(Problem to work on): Scan the records for lines holding "theta". Say how many there are and give nothing else.

********************

Lemma patched_service_active j : (j < M)%nat -> t1 < T j ->
  exists e, 0 < e /\ forall dl, 0 < dl <= e ->
    ex_RInt (fun t => s (patched dl j t)) 0 (T j) /\
    x j < RInt (fun t => s (patched dl j t)) 0 (T j).
Proof.
  intros Hj Hj1. destruct hfeas as [Hrange [Hrc [_ [_ [Hx _]]]]].
  assert (Hrcs : forall t, 0 < t -> right_cont_at (fun u => s (theta j u)) t).
  { intros t Ht. apply (right_cont_speedup B s hs); auto.
    intros u Hu; apply Hrange; auto; lra. }
  destruct (RInt_splice2_gt (fun t => s (theta j t)) t1 t2 (T j) (s (d j))
              ltac:(lra) ht12 (active_stays j Hj Hj1) (ex_intro _ (x j) (Hx j Hj))
              (Hrcs t1 ht1) (Hrcs t2 ltac:(lra)) (d_gain j Hj)) as [e [He Hsp]].
  exists e; split; auto. intros dl Hdl. destruct (Hsp dl Hdl) as [Ex Lt].
  assert (Hext : forall t, s (patched dl j t) =
                           splice2 t1 t2 dl (s (d j)) (fun u => s (theta j u)) t)
    by (intros; apply splice2_comp).
  rewrite (is_RInt_unique _ _ _ _ (Hx j Hj)) in Lt. split.
  - apply ex_RInt_ext with (2 := Ex). intros; auto.
  - rewrite (RInt_ext _ _ _ _ (fun t _ => Hext t)). auto.
Qed.

Lemma patched_service_done dl j : (j < M)%nat -> ~ t1 < T j ->
  is_RInt (fun t => s (patched dl j t)) 0 (T j) (x j).
Proof.
  intros Hj Hj1. destruct hfeas as [_ [_ [_ [HT [Hx _]]]]].
  apply is_RInt_ext with (fun t => s (theta j t)); auto.
  intros t Ht. rewrite Rmin_left, Rmax_right in Ht by (pose proof (HT j Hj); lra).
  unfold patched. rewrite splice2_before; auto; lra.
Qed.

Lemma patched_more_service : exists dl, 0 < dl /\ forall j, (j < M)%nat ->
  ex_RInt (fun t => s (patched dl j t)) 0 (T j) /\
  x j <= RInt (fun t => s (patched dl j t)) 0 (T j) /\
  (t1 < T j -> x j < RInt (fun t => s (patched dl j t)) 0 (T j)).
Proof.
  destruct (uniform_small_param (fun j dl => t1 < T j ->
              ex_RInt (fun t => s (patched dl j t)) 0 (T j) /\
              x j < RInt (fun t => s (patched dl j t)) 0 (T j)) M) as [dl [Hdl Hsmall]].
  { intros j Hj. destruct (Rlt_dec t1 (T j)) as [Hj1|Hj1].
    - destruct (patched_service_active j Hj Hj1) as [e [He Hsp]]. exists e; auto.
    - exists 1; split; [lra | intros; contradiction]. }
  exists dl; split; auto. intros j Hj. destruct (Rlt_dec t1 (T j)) as [Hj1|Hj1].
  - destruct (Hsmall j Hj dl ltac:(lra) Hj1). repeat split; auto; lra.
  - pose proof (patched_service_done dl j Hj Hj1) as I.
    rewrite (is_RInt_unique _ _ _ _ I). repeat split; [exists (x j); auto | lra | tauto].
Qed.

End Patching.
(* After reindexing the service inflows along [i -> i+1], the total inflow into [x]
   equals [prod_measure pi x] times the total outflow rate, provided each queue
   satisfies the second partial balance equation. *)
Lemma balance_identity x (mu r d s2 s3 : 'I_L -> R) :
  (forall i, mu i * pi i (x i) + pi i (x i) * r i = s2 i + s3 i) ->
  \big[Rplus/0]_(i < L) (pi i (x i) * s2 (ordS i) * prod_except2 pi x i) +
  \big[Rplus/0]_(i < L) ((s3 i - d i * pi i (x i)) * prod_except1 pi x i) =
  prod_measure pi x * (\big[Rplus/0]_(i < L) mu i + \big[Rplus/0]_(i < L) (r i - d i)).
Proof.
move=> Hsite.
have -> : \big[Rplus/0]_(i < L) (pi i (x i) * s2 (ordS i) * prod_except2 pi x i) =
          \big[Rplus/0]_(i < L) (s2 i * prod_except1 pi x i).
  rewrite [RHS](reindex_inj (@ordS_inj L)) /=.
  by apply: eq_bigr => i _; rewrite prod_except1_next; ring.
rewrite -big_split Rmult_plus_distr_l !sumR_scale -big_split /=.
apply: eq_bigr => i _; rewrite (prod_measure_split _ x i).
have -> : s2 i = mu i * pi i (x i) + pi i (x i) * r i - s3 i by rewrite Hsite; ring.
ring.
Qed.

Hypothesis Hfinite : forall i z, E i z -> exists r, has_sum (Vzero E i z) (q0 i z) r.
Hypothesis HPB1 : forall i zi, E i zi ->
  has_sum (Vplus E i zi) (fun z => z.2 * pminus i z zi * pi i z) (lam * pi i zi).
Hypothesis HPB2 : forall i zi, E i zi ->
  exists s1 s2 s3 : R,
    has_sum (Vzero E i zi) (fun z => q0 i zi z * pi i zi) s1 /\
    has_sum (Vminus E i zi) (fun z => lam * pplus i z zi * pi i z) s2 /\
    has_sum (Vzero E i zi) (fun z => q0 i z zi * pi i z) s3 /\
    zi.2 * pi i zi + s1 = s2 + s3.

(* The second partial balance equation, with the internal outflow written as
   [pi_i(z_i)] times the total internal rate [r] out of [z_i]. *)
Lemma second_partial_balance {i zi r} : E i zi -> has_sum (Vzero E i zi) (q0 i zi) r ->
  exists s : R * R,
    has_sum (Vminus E i zi) (fun z => lam * pplus i z zi * pi i z) s.1 /\
    has_sum (Vzero E i zi) (fun z => q0 i z zi * pi i z) s.2 /\
    zi.2 * pi i zi + pi i zi * r = s.1 + s.2.
Proof.
move=> Ezi Hr; have [s1 [s2 [s3 [H1 [H2 [H3 Heq]]]]]] := HPB2 _ _ Ezi.
have Hs1 : has_sum (Vzero E i zi) (fun z => q0 i zi z * pi i zi) (pi i zi * r).
  by apply: has_sum_ext (has_sum_scale (pi i zi) Hr) => // z _; ring.
by exists (s2, s3); rewrite (has_sum_unique Hs1 H1).
Qed.

Lemma product_measure_stationary N :
  stationary_on (Omega E N) (q_net pplus pminus q0) (prod_measure pi).
Proof.
move=> x Hx; have Ex := proj1 Hx.
have [r Hr] := ClassicalEpsilon.choice _ (fun i => Hfinite _ _ (Ex i)).
have [s Hs] := ClassicalEpsilon.choice _ (fun i => second_partial_balance (Ex i) (Hr i)).
exists (\big[Rplus/0]_(i < L) (x i).2 + \big[Rplus/0]_(i < L) (r i - q0 i (x i) (x i))).
split.
- have Hout := has_sum_add
    (has_sum_bigsum (index_enum 'I_L) (fun i => outflow_service _ _ i Hx))
    (has_sum_bigsum (index_enum 'I_L) (fun i => outflow_internal _ _ i _ Hx (Hr i))).
  exact: has_sum_ext Hout.
- have Hin := has_sum_add
    (has_sum_bigsum (index_enum 'I_L) (fun i =>
       inflow_service _ _ i _ Hx (HPB1 _ _ (Ex i)) (proj1 (Hs (ordS i)))))
    (has_sum_bigsum (index_enum 'I_L) (fun i => inflow_internal _ _ i _ Hx (proj1 (proj2 (Hs i))))).
  rewrite (balance_identity x (fun i => (x i).2) r (fun i => q0 i (x i) (x i))
             (fun i => (s i).1) (fun i => (s i).2)) in Hin; last by move=> i; case: (Hs i) => _ [].
  by apply: has_sum_ext Hin => // y _; rewrite q_net_split Rmult_plus_distr_l !sumR_scale.
Qed.

End TandemNetwork.

Theorem mainTheorem1
  (L : nat) (HL : (2 <= L)%N)
  (E : 'I_L -> nat * R -> Prop)
  (HEcount : forall i, countable_set (E i))
  (HEmu : forall i z, E i z -> 0 <= z.2 /\ (z.1 = 0%N -> z.2 = 0))
  (pplus pminus q0 : 'I_L -> nat * R -> nat * R -> R)
  (Hpplus : forall i z, E i z ->
     (forall z', Vplus E i z z' -> 0 <= pplus i z z') /\
     has_sum (Vplus E i z) (pplus i z) 1)
  (Hpminus : forall i z, E i z -> (1 <= z.1)%N ->
     (forall z', Vminus E i z z' -> 0 <= pminus i z z') /\
     has_sum (Vminus E i z) (pminus i z) 1)
  (Hq0 : forall i z z', E i z -> Vzero E i z z' -> 0 <= q0 i z z')
  (Hfinite : forall i z, E i z -> exists r, has_sum (Vzero E i z) (q0 i z) r)
  (lam : R) (Hlam : 0 < lam)
  (pi : 'I_L -> nat * R -> R)
  (Hpi : forall i, stationary_distribution (E i) (q_iso pplus pminus q0 lam i) (pi i))
  (HPB1 : forall i zi, E i zi ->
     has_sum (Vplus E i zi) (fun z => z.2 * pminus i z zi * pi i z) (lam * pi i zi))
  (HPB2 : forall i zi, E i zi ->
     exists s1 s2 s3 : R,
       has_sum (Vzero E i zi) (fun z => q0 i zi z * pi i zi) s1 /\
       has_sum (Vminus E i zi) (fun z => lam * pplus i z zi * pi i z) s2 /\
       has_sum (Vzero E i zi) (fun z => q0 i z zi * pi i z) s3 /\
       zi.2 * pi i zi + s1 = s2 + s3) :
  forall (N : nat) (Z : R),
    has_sum (Omega E N) (prod_measure pi) Z -> 0 < Z ->
    stationary_distribution (Omega E N) (q_net pplus pminus q0)
      (fun x => prod_measure pi x / Z).
Proof.
move=> N Z HZ HZpos.
have Hpi0 : forall i z, E i z -> 0 <= pi i z by move=> i; apply: (proj1 (Hpi i)).
split; [|split].
- move=> x [Ex _]; apply: Rmult_le_pos; first exact: prod_measure_nonneg Hpi0 Ex.
  by left; apply: Rinv_0_lt_compat.
- have := has_sum_scale (/ Z) HZ; rewrite Rinv_l; last lra.
  by apply: has_sum_ext => // x _; rewrite /Rdiv Rmult_comm.
- apply: stationary_on_scale.
  exact: (product_measure_stationary HL HEmu Hpplus Hpminus Hlam Hpi0 Hfinite HPB1 HPB2).
Qed.
(* Simple functions, encoded as decision trees over formulas. *)
Inductive dtree := Leaf of R | Node of form & dtree & dtree.

Fixpoint deval (t : dtree) v : R :=
  match t with
  | Leaf r => r
  | Node p a b => if satb v p then deval a v else deval b v
  end.

Fixpoint dtree_over (P : form -> Prop) (t : dtree) : Prop :=
  match t with
  | Leaf _ => True
  | Node p a b => [/\ P p, dtree_over P a & dtree_over P b]
  end.

Fixpoint dint (m : form -> R) (t : dtree) c : R :=
  match t with
  | Leaf r => r * m c
  | Node p a b => dint m a (Fand c p) + dint m b (Fand c (Fneg p))
  end.

Fixpoint dmap (f : R -> R) (t : dtree) : dtree :=
  match t with
  | Leaf r => Leaf (f r)
  | Node p a b => Node p (dmap f a) (dmap f b)
  end.

Fixpoint dadd (t t' : dtree) : dtree :=
  match t with
  | Leaf r => dmap (Rplus r) t'
  | Node p a b => Node p (dadd a t') (dadd b t')
  end.

Fixpoint dmin (t t' : dtree) : dtree :=
  match t with
  | Leaf r => dmap (Rmin r) t'
  | Node p a b => Node p (dmin a t') (dmin b t')
  end.

Definition indicator p : dtree := Node p (Leaf 1) (Leaf 0).

Implicit Types (t a b : dtree) (P Q : form -> Prop).

Lemma deval_Node_sat v p a b : sat v p -> deval (Node p a b) v = deval a v.
Proof. by move=> /satbP /= ->. Qed.

Lemma deval_Node_unsat v p a b : ~ sat v p -> deval (Node p a b) v = deval b v.
Proof. by move=> /satbP /negbTE /= ->. Qed.

Lemma deval_map f t v : deval (dmap f t) v = f (deval t v).
Proof. by elim: t => //= p a IHa b IHb; case: satb. Qed.

Lemma deval_add t t' v : deval (dadd t t') v = deval t v + deval t' v.
Proof. by elim: t => /= [r|p a IHa b IHb]; [exact: deval_map | case: satb]. Qed.

Lemma deval_min t t' v : deval (dmin t t') v = Rmin (deval t v) (deval t' v).
Proof. by elim: t => /= [r|p a IHa b IHb]; [exact: deval_map | case: satb]. Qed.

Lemma deval_indicator_le v p : 0 <= deval (indicator p) v <= 1.
Proof. by rewrite /=; case: satb; lra. Qed.

Lemma deval_indicator_equiv p q : equivU p q -> deval (indicator p) = deval (indicator q).
Proof. by move=> pq; apply: funext => v; rewrite /= /satb (propext (pq v)). Qed.

Lemma deval_indicator_or v p q : ~ (sat v p /\ sat v q) ->
  deval (indicator (For p q)) v = deval (indicator p) v + deval (indicator q) v.
Proof.
rewrite /= => disj; have := sat_or v p q.
by case: satbP => ?; case: satbP => ?; case: satbP => ?; first [move=> _; lra | tauto].
Qed.

Lemma dtree_over_mono P Q t : (forall p, P p -> Q p) -> dtree_over P t -> dtree_over Q t.
Proof. by move=> PQ; elim: t => //= p a IHa b IHb [/PQ ? /IHa ? /IHb ?]. Qed.

Lemma dtree_over_map P f t : dtree_over P t -> dtree_over P (dmap f t).
Proof. by elim: t => //= p a IHa b IHb [? /IHa ? /IHb ?]. Qed.

Lemma dtree_over_add P t t' :
  dtree_over P t -> dtree_over P t' -> dtree_over P (dadd t t').
Proof.
move=> + Pt'; elim: t => /= [r _|p a IHa b IHb [? /IHa ? /IHb ?]] //.
exact: dtree_over_map.
Qed.

Lemma dtree_over_min P t t' :
  dtree_over P t -> dtree_over P t' -> dtree_over P (dmin t t').
Proof.
move=> + Pt'; elim: t => /= [r _|p a IHa b IHb [? /IHa ? /IHb ?]] //.
exact: dtree_over_map.
Qed.

Lemma deval_coinc (S : nat -> Prop) t v v' : dtree_over (form_vars_in S) t ->
  (forall k, S k -> v k = v' k) -> deval t v = deval t v'.
Proof.
move=> + vv'; elim: t => //= p a IHa b IHb [Sp /IHa -> /IHb ->].
by rewrite /satb (propext (sat_coinc Sp vv')).
Qed.

Lemma dint_scale m k t c : dint m (dmap (Rmult k) t) c = k * dint m t c.
Proof. by elim: t c => /= [r|p a IHa b IHb] c; rewrite ?IHa ?IHb; ring. Qed.

Section Integral.
Variables (S : seq nat) (B : U -> Prop) (m : form -> R).
Hypothesis m_keisler : keisler S B m.
Notation D := (LF S B).

Lemma dint_equiv t c c' : dtree_over D t -> D c -> D c' -> equivU c c' ->
  dint m t c = dint m t c'.
Proof.
elim: t c c' => /= [r|p a IHa b IHb] c c' => [_|[Dp Da Db]] Dc Dc' cc'.
  by rewrite (keisler_equiv m_keisler Dc Dc' cc').
rewrite (IHa _ (Fand c' p)) ?(IHb _ (Fand c' (Fneg p))) //;
  by [apply: LF_and | move=> v /=; rewrite cc'].
Qed.

Lemma dint_split t c e : dtree_over D t -> D c -> D e ->
  dint m t c = dint m t (Fand c e) + dint m t (Fand c (Fneg e)).
Proof.
elim: t c => /= [r|p a IHa b IHb] c => [_|[Dp Da Db]] Dc De.
  by rewrite (keisler_split m_keisler Dc De); ring.
have Dne := LF_neg De; have Dnp := LF_neg Dp.
rewrite (IHa _ Da (LF_and Dc Dp) De) (IHb _ Db (LF_and Dc Dnp) De).
have swap t' q r s : dtree_over D t' -> D q -> D r -> D s ->
    dint m t' (Fand (Fand q r) s) = dint m t' (Fand (Fand q s) r).
  move=> Dt' Dq Dr Ds; apply: dint_equiv => //; do ?apply: LF_and => //.
  by move=> v /=; tauto.
rewrite (swap a c p e) // (swap a c p (Fneg e)) // (swap b c (Fneg p) e) //.
rewrite (swap b c (Fneg p) (Fneg e)) //; ring.
Qed.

********************

(Output of the task): 4